According to the 54th Grammy Awards guideline the category was "for albums containing at least 51% playing time of new vocal or instrumental blues recordings".

This award combined the previous categories for Best Contemporary Blues Album and Best Traditional Blues Album, which both existed between 1983 and 2011. The Recording Academy decided to create this new category for 2012 upon stating there were "challenges in distinguishing between... Contemporary and Traditional Blues".

In 2017, the distinction between contemporary and traditional blues albums was reinstated. Both categories returned, while the Best Blues Album category was discontinued.

==Recipients==

| Year | Work | Artist |
2012
| Revelator | Tedeschi Trucks Band |
| Low Country Blues | Gregg Allman |
| Man in Motion | Warren Haynes |
| The Reflection | Keb' Mo' |
| Roadside Attractions | Marcia Ball |
2013
| Locked Down | Dr.
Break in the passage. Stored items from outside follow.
(* Since every fibre [L(u)] is a clique, an [H]-colouring meets each fibre in
   exactly one vertex: it is the graph of a map [V -> 'I_m]. *)
Lemma dp_count_le_maps (e : rel V) (H : cover_rel V m) : 0 < m -> is_cover e H ->
  dp_count H <=
  #|[set f : {ffun V -> 'I_m} | [forall u, forall v, ~~ H ((u, f u), (v, f v))]]|.
Proof.
move=> m_gt0 /and5P [_ _ /forallP fibre_clique _ _].
pose phi (I : {set V * 'I_m}) :=
  [ffun u => odflt (Ordinal m_gt0) [pick a | (u, a) \in I]].
have graphE I : I \in [set I : {set V * 'I_m} |
      (#|I| == #|V|) && [forall x in I, forall y in I, ~~ H (x, y)]] -> I = [set (u, phi I u) | u : V].
  rewrite inE => /andP [/eqP cardI /forallP indepI].
  apply/eqP; rewrite eqEcard card_imset => [|u v [] //].
  rewrite cardI leqnn andbT; apply/subsetP => -[u a] Iua.
  apply/imsetP; exists u => //; rewrite ffunE.
  case: pickP => [b Iub|/(_ a)]; last by rewrite Iua.
  congr pair => /=; apply/eqP; apply: contraT => neq_ab.
  have := indepI (u, a); rewrite Iua => /forallP /(_ (u, b)); rewrite Iub /=.
  have /forallP /(_ (u, b)) := fibre_clique (u, a).
  by rewrite /= eqxx xpair_eqE eqxx neq_ab /= => ->.
rewrite /dp_count; set S := (X in #|X| <= _).
rewrite -(card_in_imset (f := phi) (D := S)); last first.
  by move=> I J SI SJ eqIJ; rewrite (graphE I SI) (graphE J SJ) eqIJ.
apply: subset_leq_card; apply/subsetP => _ /imsetP [I SI ->].
rewrite inE; apply/forallP => u; apply/forallP => v.
have inI w : (w, phi I w) \in I by rewrite [in X in _ \in X](graphE I SI) imset_f.
move: (SI); rewrite inE => /andP [_ /forallP /(_ (u, phi I u))].
by rewrite inI => /forallP /(_ (v, phi I v)); rewrite inI.
Qed.

Section PermutationCover.
Variables (e : rel V) (tau : V -> V -> 'I_m -> 'I_m).
Hypothesis tauK : forall u v, cancel (tau u v) (tau v u).

Lemma twist_eq_sym (u v : V) (a b : 'I_m) : (b == tau u v a) = (a == tau v u b).
Proof. by apply/eqP/eqP => [->|->]; rewrite tauK. Qed.

Definition perm_cover : cover_rel V m :=
  [ffun p => ((p.1.1 == p.2.1) && (p.1.2 != p.2.2)) ||
             (e p.1.1 p.2.1 && (p.2.2 == tau p.1.1 p.2.1 p.1.2))].

Hypothesis He : simple_graph e.

Lemma perm_cover_is_cover : is_cover e perm_cover.
Proof.
have [e_sym e_irr] := He.
apply/and5P; split.
- apply/forallP => x; apply/forallP => y; rewrite !ffunE /=.
  by rewrite [y.1 == _]eq_sym [y.2 == x.2]eq_sym e_sym twist_eq_sym.
- by apply/forallP => x; rewrite ffunE /= !eqxx /= (negbTE (e_irr _)).
- apply/forallP => -[u a]; apply/forallP => -[v b] /=; apply/implyP.
  by case/andP => /eqP <-; rewrite xpair_eqE eqxx ffunE /= eqxx => ->.
- apply/forallP => x; apply/forallP => y; rewrite ffunE /=.
  by apply/implyP; case: (x.1 =P y.1) => //= _; rewrite ?andbF ?andbT // => /andP [].
- apply/forallP => -[u a]; apply/forallP => -[v b]; apply/forallP => -[w c] /=.
  apply/implyP; case/and4P => e_uv /eqP <-; rewrite !ffunE /= e_uv.
  have -> : (u == v) = false by apply: contraTF e_uv => /eqP ->; rewrite e_irr.
  by move=> /eqP -> /eqP ->.
Qed.

Lemma perm_cover_maps :
  [set f : {ffun V -> 'I_m} | [forall u, forall v, ~~ perm_cover ((u, f u), (v, f v))]] =
  twisted_colorings e tau.
Proof.
apply/setP => f; rewrite !inE; apply: eq_forallb => u; apply: eq_forallb => v.
rewrite ffunE /= negb_or negb_and negbK.
have [<-|_] := eqVneq u v; last by case: (e u v).
by rewrite eqxx (negbTE (He.2 u)).
Qed.

Lemma dp_chrom_le_twisted : 0 < m -> dp_chrom m He <= #|twisted_colorings e tau|.
Proof.
move=> m_gt0; rewrite -perm_cover_maps.
apply: leq_trans (dp_count_le_maps m_gt0 perm_cover_is_cover).
exact: dp_chrom_le_cover perm_cover_is_cover.
Qed.

End PermutationCover.
End Covers.

Lemma iter_ordS (n k : nat) (i : 'I_n) : (iter k (@ordS n) i : nat) = (i + k) %% n.
Proof.
elim: k => [|k IH]; first by rewrite addn0 modn_small.
by rewrite iterS /= IH -addn1 modnDml addn1 addnS.
Qed.

Lemma ordS_ind (n : nat) (P : 'I_n -> Prop) (i0 : 'I_n) :
  P i0 -> (forall i, P i -> P (ordS i)) -> forall j, P j.
Proof.
move=> P_i0 P_S j.
have -> : j = iter (j + n - i0) (@ordS n) i0.
  apply: val_inj => /=; rewrite iter_ordS.
  have -> : i0 + (j + n - i0) = j + n by have := ltn_ord i0; lia.
  by rewrite modnDr modn_small.
by elim: (_ - _) => //= k; apply: P_S.
Qed.

Lemma ordS_neq (n : nat) (i : 'I_n) : 2 <= n -> ordS i != i.
Proof.
move=> n_ge2; apply/eqP => /(congr1 val) /=.
have := ltn_ord i; case: (ltngtP i.+1 n) => [lt_in|gt_in|eq_in] lt_i.
- by rewrite modn_small //; lia.
- lia.
- by rewrite eq_in modnn; lia.
Qed.

Lemma ordS_neq_pred (n : nat) (i : 'I_n) : 3 <= n -> ordS i != ord_pred i.
Proof.
move=> n_ge3; apply/eqP => eq_S_pred.
have : iter 2 (@ordS n) i = i by rewrite /= eq_S_pred ord_predK.
move/(congr1 (@nat_of_ord n)); rewrite iter_ordS.
rewrite -{2}(modn_small (ltn_ord i)) -[X in _ = X %% n]addn0 => /eqP.
by rewrite eqn_modDl mod0n modn_small //; lia.
Qed.

Definition cycle_rel (n : nat) : rel 'I_n := fun i j => (j == ordS i) || (i == ordS j).
Arguments cycle_rel : clear implicits.

Lemma cycle_simple (n : nat) : 2 <= n -> simple_graph (cycle_rel n).
Proof.
move=> n_ge2; split => [i j|i]; first by rewrite /cycle_rel orbC.
by rewrite /cycle_rel orbb eq_sym ordS_neq.
Qed.

Lemma cycle_has_cycle (n : nat) : 3 <= n -> has_cycle (cycle_rel n) n.
Proof.
move=> n_ge3; split=> //; exists (fun i : 'I_n => i).
by split=> // i; rewrite /cycle_rel eqxx.
Qed.

Lemma cycle_neighbours (n : nat) (i j : 'I_n) :
  cycle_rel n i j -> j = ordS i \/ j = ord_pred i.
Proof. by case/orP => /eqP ->; [left | right; rewrite ordSK]. Qed.

(* The only cycle of [C_n] is [C_n] itself: the vertex set of a cycle is
   closed under [ordS], since a cycle vertex [w] has two distinct cycle
   neighbours, both among [ordS w] and [ord_pred w]. *)
Lemma cycle_has_cycle_eq (n l : nat) : has_cycle (cycle_rel n) l -> l = n.
Proof.
move=> [l_ge3 [c [c_inj c_edge]]].
have sym i j : cycle_rel n i j = cycle_rel n j i by rewrite /cycle_rel orbC.
set S := [set c i | i : 'I_l].
have S_closed w : w \in S -> ordS w \in S.
  case/imsetP => i _ ->.
  have next := c_edge i.
  have prev := c_edge (ord_pred i); rewrite ord_predK sym in prev.
  have neq_np : c (ordS i) != c (ord_pred i) by rewrite (inj_eq c_inj) ordS_neq_pred.
  case: (cycle_neighbours next) => [<-|next_pred]; first exact: imset_f.
  case: (cycle_neighbours prev) => [<-|prev_pred]; first exact: imset_f.
  by move: neq_np; rewrite next_pred prev_pred eqxx.
have i0 : 'I_l by exists 0; lia.
have S_full : forall w, w \in S by apply: (ordS_ind _ S_closed); exact: (imset_f c (x := i0)).
have <- : #|S| = l by rewrite card_imset // card_ord.
have -> : S = [set: 'I_n] by apply/setP => w; rewrite S_full inE.
by rewrite cardsT card_ord.
Qed.

Section DisjointUnion.
Variables (a b m : nat) (e1 : rel 'I_a) (e2 : rel 'I_b).

Lemma split_lshift (i : 'I_a) : split (lshift b i) = inl i.
Proof. exact: (unsplitK (inl i)). Qed.

Lemma split_rshift (j : 'I_b) : split (rshift a j) = inr j.
Proof. exact: (unsplitK (inr j)). Qed.

Definition union_rel : rel 'I_(a + b) := fun u v =>
  match split u, split v with
  | inl i, inl j => e1 i j
  | inr i, inr j => e2 i j
  | _, _ => false
  end.

Lemma union_rel_side (u v : 'I_(a + b)) : union_rel u v -> (u < a) = (v < a).
Proof. by rewrite /union_rel; case: splitP => i _; case: splitP => j _. Qed.

Lemma union_simple : simple_graph e1 -> simple_graph e2 -> simple_graph union_rel.
Proof.
move=> [sym1 irr1] [sym2 irr2]; split=> [u v|u]; rewrite /union_rel.
  by case: (split u) => i; case: (split v) => j.
by case: (split u) => i; rewrite ?irr1 ?irr2.
Qed.

Lemma has_cycle_union_l (l : nat) : has_cycle e1 l -> has_cycle union_rel l.
Proof.
move=> [l_ge3 [c [c_inj c_edge]]]; split=> //; exists (fun i => lshift b (c i)).
split=> [i j /lshift_inj /c_inj //|i].
by rewrite /union_rel !split_lshift.
Qed.

(* A cycle of the union is connected, hence lies within one side. *)
Lemma has_cycle_union (l : nat) :
  has_cycle union_rel l -> has_cycle e1 l \/ has_cycle e2 l.
Proof.
move=> [l_ge3 [c [c_inj c_edge]]].
have i0 : 'I_l by exists 0; lia.
have side i : (c i < a) = (c i0 < a).
  apply: (ordS_ind (P := fun i => (c i < a) = (c i0 < a))) => // j <-.
  by rewrite (union_rel_side (c_edge j)).
case: (ltnP (c i0) a) => side0; [left | right]; split=> //.
- have lt_ca i : c i < a by rewrite side.
  pose c1 i := Ordinal (lt_ca i).
  have cE i : c i = lshift b (c1 i) by apply: val_inj.
  exists c1; split=> [i j eq_ij|i]; first by apply: c_inj; rewrite !cE eq_ij.
  by have := c_edge i; rewrite !cE /union_rel !split_lshift.
- have ge_ca i : a <= c i by rewrite leqNgt side -leqNgt.
  have lt_cb i : c i - a < b by have := ltn_ord (c i); have := ge_ca i; lia.
  pose c2 i := Ordinal (lt_cb i).
  have cE i : c i = rshift a (c2 i) by apply: val_inj; rewrite /= subnKC.
  exists c2; split=> [i j eq_ij|i]; first by apply: c_inj; rewrite !cE eq_ij.
  by have := c_edge i; rewrite !cE /union_rel !split_rshift.
Qed.

Variables (tau1 : 'I_a -> 'I_a -> 'I_m -> 'I_m) (tau2 : 'I_b -> 'I_b -> 'I_m -> 'I_m).

Definition union_twist (u v : 'I_(a + b)) : 'I_m -> 'I_m :=
  match split u, split v with
  | inl i, inl j => tau1 i j
  | inr i, inr j => tau2 i j
  | _, _ => id
  end.

Lemma union_twistK :
  (forall i j, cancel (tau1 i j) (tau1 j i)) -> (forall i j, cancel (tau2 i j) (tau2 j i)) ->
  forall u v, cancel (union_twist u v) (union_twist v u).
Proof.
by move=> tau1K tau2K u v; rewrite /union_twist; case: (split u) => i; case: (split v).
Qed.

Lemma card_twisted_union :
  #|twisted_colorings union_rel union_twist| =
  #|twisted_colorings e1 tau1| * #|twisted_colorings e2 tau2|.
Proof.
pose join (p : {ffun 'I_a -> 'I_m} * {ffun 'I_b -> 'I_m}) : {ffun 'I_(a + b) -> 'I_m} :=
  [ffun u => match split u with inl i => p.1 i | inr j => p.2 j end].
pose cut (f : {ffun 'I_(a + b) -> 'I_m}) :=
  ([ffun i => f (lshift b i)], [ffun j => f (rshift a j)]).
have joinK : cancel join cut.
  by move=> [f1 f2]; congr pair; apply/ffunP => i; rewrite !ffunE ?split_lshift ?split_rshift.
have cutK : cancel cut join.
  by move=> f; apply/ffunP => u; rewrite !ffunE; case: split_ordP => i ->; rewrite ffunE.
have join_twisted p : (join p \in twisted_colorings union_rel union_twist) =
    (p.1 \in twisted_colorings e1 tau1) && (p.2 \in twisted_colorings e2 tau2).
  rewrite !inE; apply/forallP/andP => [col|[/forallP col1 /forallP col2] u].
    split; apply/forallP => i; apply/forallP => j.
      have /forallP /(_ (lshift b j)) := col (lshift b i).
      by rewrite /union_rel /union_twist !ffunE !split_lshift.
    have /forallP /(_ (rshift a j)) := col (rshift a i).
    by rewrite /union_rel /union_twist !ffunE !split_rshift.
  apply/forallP => v; rewrite /union_rel /union_twist !ffunE.
  case: (split u) => i; case: (split v) => j //.
    by have /forallP := col1 i.
  by have /forallP := col2 i.
rewrite -cardsX -(card_imset _ (can_inj joinK)); apply: eq_card => f.
apply/idP/imsetP => [col_f|[p col_p ->]].
  by exists (cut f); rewrite ?cutK // inE -join_twisted cutK.
by rewrite join_twisted; move: col_p; rewrite inE.
Qed.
John |
| 33⅓ | Shemekia Copeland |
| And Still I Rise | Heritage Blues Orchestra |
| Bring It on Home | Joan Osborne |
| Let It Burn | Ruthie Foster |
2014
| Get Up! | Ben Harper with Charlie Musselwhite |
| Cotton Mouth Man | James Cotton |
| Down in Louisiana | Bobby Rush |
| Remembering Little Walter | Billy Boy Arnold, Charlie Musselwhite, Mark Hummel, Sugar Ray Norcia and James Harman |
| Seesaw | Beth Hart and Joe Bonamassa |
2015
| Step Back | Johnny Winter |
| Common Ground: Dave Alvin and Phil Alvin Play and Sing the Songs of Big Bill Broonzy | Dave Alvin and Phil Alvin |
| Decisions | Bobby Rush with Blinddog Smokin' |
| Juke Joint Chapel | Charlie Musselwhite |
| Promise of a Brand New Day | Ruthie Foster |
2016
| Born to Play Guitar | Buddy Guy |
| Descendants of Hill Country | Cedric Burnside Project |
| Muddy Waters 100 | John Primer and Various Artists |
| Outskirts of Love | Shemekia Copeland |
| Worthy | Bettye LaVette |

^{} Each year is linked to the article about the Grammy Awards held that year.